Post by anker9000 » Tue Apr 02, 2024 10:47 am

Hello all,

I'm reaching out to the community for some guidance on optimizing the settings on my ResMed Autoset 11 CPAP machine. I've recently been diagnosed with sleep apnea and I'm using it in APAP mode with the prescribed default settings of 4 min and 20 max pressure, no ramp setting. I'm also using the ResMed AirFit F20 full face mask.

While these default settings often give me good AHI results (< 1), I've been experiencing some unpleasant side effects. Specifically, I struggle with bloating, burping, gas, acid reflux, and abdominal pain from aerophagia. The pressure would go up to around 7 and it would be hard to exhale against it. I find it hard to exhale against the increased pressure. Additionally, when the pressure increases during sleep apnea events, it tends to wake me up, disrupting my sleep.

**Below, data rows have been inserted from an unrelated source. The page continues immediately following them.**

(* Gleason's generators for ternary self-dual codes: the weight enumerator
   x^4 + 8xy^3 of the tetracode and y^3 (x^3 - y^3)^3. *)
Definition tetracode_enum : {poly R} := 1 + 'X^3 *+ 8.

Definition gleason_delta : {poly R} := 'X^3 * (1 - 'X^3) ^+ 3.

Definition gleason_basis m j := tetracode_enum ^+ (3 * (m - j)) * gleason_delta ^+ j.

Lemma mw_transform_tetracode : mw_transform 4 tetracode_enum = 3%:R ^+ 2 *: tetracode_enum.
Proof.
rewrite -natrX scaler_nat linearD raddfMn /= -(expr0 'X) !mw_transformXn //.
by rewrite /mw_kernel /tetracode_enum !subnE /=; ring.
Qed.

Lemma mw_transform_delta : mw_transform 12 gleason_delta = 3%:R ^+ 6 *: gleason_delta.
Proof.
have -> : gleason_delta = 'X^3 - 'X^6 *+ 3 + 'X^9 *+ 3 - 'X^12 by rewrite /gleason_delta; ring.
rewrite -natrX scaler_nat !(linearD, linearB, linearN, raddfMn) /= !mw_transformXn //.
by rewrite /mw_kernel !subnE /=; ring.
Qed.

Lemma size_tetracode : (size tetracode_enum <= 5)%N.
Proof.
rewrite /tetracode_enum -scaler_nat (leq_trans (size_polyD _ _)) // geq_max size_poly1.
by rewrite (leq_trans (size_scale_leq _ _)) // size_polyXn.
Qed.

Lemma size_delta : (size gleason_delta <= 13)%N.
Proof.
have size_1subX3 : size (1 - 'X^3 : {poly R}) = 4%N.
  by rewrite -opprB size_polyN -polyC1 size_XnsubC.
apply: leq_trans (size_polyMleq _ _) _; rewrite size_polyXn.
by rewrite addSn -[13%N]/(3 + (3 * 3).+1)%N leq_add2l size_exp_leq // size_1subX3.
Qed.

In an attempt to find a more comfortable solution, I tried using the EPR setting at level 3. This allowed me to sleep through the night without interruptions, which was a significant improvement. However, my AHI numbers took a hit, worsening compared to the default settings. I also felt tired throughout the day.

My goal is to find the optimal balance between comfort and effective treatment, minimizing the side effects while still achieving a satisfactory AHI. I would greatly appreciate any insights or recommendations from experienced CPAP users who have faced similar challenges.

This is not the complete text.